Während der nächste Teilnehmer zu sprechen anfing und Dan zum Kaffeespender ging, um sich eine neue Tasse zu holen, fiel es ihm ein. Abra war der Name einer jungen Frau in einem Roman von John Steinbeck. Jenseits von Eden. Wo hatte er den nur gelesen … er erinnerte sich nicht mehr. Bei einem Zwischenstopp. Irgendwo. War auch egal.

Ein anderer Gedanke

(hast du sie aufbewahrt)

stieg an die Oberfläche seines Bewusstseins wie eine Luftblase und platzte.

Was aufbewahrt?

Frankie P., der alte Kerl, von dem das Meeting geleitet wurde, erkundigte sich, ob jemand die Medaillen verteilen wolle. Als niemand die Hand hob, zeigte Frankie auf Dan. »Was ist mit dir da hinten beim Kaffee?«

Verlegen ging Dan nach vorn und hoffte, sich an die Reihenfolge der Medaillen erinnern zu können. Die erste – weiß für Neulinge – besaß er bereits.
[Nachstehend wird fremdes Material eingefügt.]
(* On an orthonormal basis, Koszul's formula expresses the Levi-Civita
   connection, and hence the Ricci operator, through the structure constants,
   so for this algebra Ric can be computed entrywise.  If Ric = c Id + D, then
   D = Ric - c Id: the soliton condition says that Ric - c Id is a derivation
   for some c.  The derivation identity on the pair (E_1, E_4) gives m u x = 0
   and v w x = 0, hence u = w = 0; on the pairs (E_1, E_2), (E_1, E_3),
   (E_1, E_4), (E_2, E_3) it then gives four equations, linear in m^2, v^2,
   x^2, y^2 and c, whose only solution is the stated one.  Conversely, for
   those values Ric - c Id is the diagonal matrix D, and diag(d_1, ..., d_5) is
   a derivation as soon as d_k = d_i + d_j whenever E_k occurs in [E_i, E_j],
   which holds for the weights (3/4, 3/2, 9/4, 3, 15/4) x^2. *)

Section StructureConstants.
Variables (R : realFieldType) (n : nat) (br : 'I_n -> 'I_n -> 'cV[R]_n).
Local Notation E := (@basisv R n).

Definition struct_const i j k : R := br i j k 0.

Definition christoffel a b k : R :=
  2^-1 * (struct_const a b k - struct_const b k a + struct_const k a b).

Lemma dotvE (X Y : 'cV[R]_n) : dotv X Y = \sum_k X k 0 * Y k 0.
Proof. by rewrite /dotv mxE; apply: eq_bigr => k _; rewrite mxE. Qed.

Lemma basisvE k i : E k i 0 = (i == k)%:R.
Proof. by rewrite /basisv mxE eqxx andbT. Qed.

Lemma sum_basisv_mul k (F : 'I_n -> R) : \sum_p E k p 0 * F p = F k.
Proof.
rewrite (bigD1 k) //= basisvE eqxx mul1r big1 ?addr0 // => p /negPf neq_pk.
by rewrite basisvE neq_pk mul0r.
Qed.

Lemma sum_mul_basisv k (F : 'I_n -> R) : \sum_p F p * E k p 0 = F k.
Proof. by rewrite -(sum_basisv_mul k F); apply: eq_bigr => p _; rewrite mulrC. Qed.

Lemma lie_bracketE X Y k :
  lie_bracket br X Y k 0 = \sum_i \sum_j X i 0 * Y j 0 * struct_const i j k.
Proof.
rewrite /lie_bracket summxE; apply: eq_bigr => i _.
by rewrite summxE; apply: eq_bigr => j _; rewrite mxE.
Qed.

Lemma lie_bracket_basisvl a Y k :
  lie_bracket br (E a) Y k 0 = \sum_j Y j 0 * struct_const a j k.
Proof.
rewrite lie_bracketE -(sum_basisv_mul a (fun i => \sum_j Y j 0 * struct_const i j k)).
by apply: eq_bigr => i _; rewrite big_distrr; apply: eq_bigr => j _; rewrite -mulrA.
Qed.

Lemma lie_bracket_basisvr X b k :
  lie_bracket br X (E b) k 0 = \sum_i X i 0 * struct_const i b k.
Proof.
rewrite lie_bracketE; apply: eq_bigr => i _.
rewrite -(sum_basisv_mul b (fun j => X i 0 * struct_const i j k)).
by apply: eq_bigr => j _; rewrite mulrCA mulrA.
Qed.

Lemma lie_bracket_basisv a b : lie_bracket br (E a) (E b) = br a b.
Proof. by apply/matrixP => k j; rewrite ord1 lie_bracket_basisvl sum_basisv_mul. Qed.

Lemma levi_civitaE X Y k :
  levi_civita br X Y k 0 = \sum_a \sum_b X a 0 * Y b 0 * christoffel a b k.
Proof.
rewrite /levi_civita mxE !dotvE sum_mul_basisv lie_bracketE.
have -> : \sum_l lie_bracket br Y (E k) l 0 * X l 0
          = \sum_a \sum_b X a 0 * Y b 0 * struct_const b k a.
  apply: eq_bigr => a _; rewrite lie_bracket_basisvr mulrC big_distrr.
  by apply: eq_bigr => b _ /=; ring.
have -> : \sum_l lie_bracket br (E k) X l 0 * Y l 0
          = \sum_a \sum_b X a 0 * Y b 0 * struct_const k a b.
  rewrite exchange_big; apply: eq_bigr => b _.
  rewrite lie_bracket_basisvl mulrC big_distrr.
  by apply: eq_bigr => a _ /=; ring.
rewrite -sumrN -!big_split big_distrr /=; apply: eq_bigr => a _.
rewrite -sumrN -!big_split big_distrr /=; apply: eq_bigr => b _.
rewrite /christoffel; ring.
Qed.

Lemma levi_civita_basisvl a Z k :
  levi_civita br (E a) Z k 0 = \sum_q Z q 0 * christoffel a q k.
Proof.
rewrite levi_civitaE -(sum_basisv_mul a (fun i => \sum_q Z q 0 * christoffel i q k)).
by apply: eq_bigr => i _; rewrite big_distrr; apply: eq_bigr => j _; rewrite -mulrA.
Qed.

Lemma levi_civita_basisvr Z b k :
  levi_civita br Z (E b) k 0 = \sum_p Z p 0 * christoffel p b k.
Proof.
rewrite levi_civitaE; apply: eq_bigr => p _.
rewrite -(sum_basisv_mul b (fun q => Z p 0 * christoffel p q k)).
by apply: eq_bigr => q _ /=; ring.
Qed.

Lemma levi_civita_basisv a b k : levi_civita br (E a) (E b) k 0 = christoffel a b k.
Proof. by rewrite levi_civita_basisvl sum_basisv_mul. Qed.

Lemma curvatureE X Y Z k :
  curvature br X Y Z k 0 = levi_civita br X (levi_civita br Y Z) k 0
    - levi_civita br Y (levi_civita br X Z) k 0 - levi_civita br (lie_bracket br X Y) Z k 0.
Proof.
have subE (A B : 'cV[R]_n) : (A - B) k 0 = A k 0 - B k 0 by rewrite !mxE.
by rewrite /curvature !subE.
Qed.

Lemma curvature_basisvE a b c k :
  curvature br (E a) (E b) (E c) k 0
  = \sum_q christoffel b c q * christoffel a q k
    - \sum_q christoffel a c q * christoffel b q k
    - \sum_q struct_const a b q * christoffel q c k.
Proof.
rewrite curvatureE lie_bracket_basisv (levi_civita_basisvl a) (levi_civita_basisvl b).
rewrite (levi_civita_basisvr (br a b)).
by congr (_ - _ - _); apply: eq_bigr => q _; rewrite levi_civita_basisv.
Qed.

Lemma ricci_opE a b :
  ricci_op br a b = \sum_k (\sum_q christoffel a b q * christoffel k q k
    - \sum_q christoffel k b q * christoffel a q k
    - \sum_q struct_const k a q * christoffel q b k).
Proof.
rewrite /ricci_op mxE /ricci_form; apply: eq_bigr => k _.
by rewrite dotvE sum_mul_basisv curvature_basisvE.
Qed.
Während er die zerbeulte Keksdose mit den Chips und Medaillen entgegennahm, meldete der Gedanke sich wieder.

Hast du sie aufbewahrt?

3

Dies war der Tag, an dem der Wahre Knoten, der auf einem öffentlichen Campingplatz in Arizona überwintert hatte, aufbrach und wieder nach Osten reiste. In der üblichen Karawane fuhr man auf der Route 77 in Richtung Show Low: vierzehn Wohnmobile, teils mit angehängten Pkws, teils mit am Heck befestigten Gartenstühlen oder Fahrrädern. Es waren Southwinds und Winnebagos, Monacos und Bounders. Der EarthCruiser von Rose – ein siebenhunderttausend Dollar teures Prachtstück aus importiertem Stahl, das beste Wohnmobil auf dem Markt – führte die Parade an. Aber langsam, mit nicht mehr als fünfundfünfzig Meilen pro Stunde.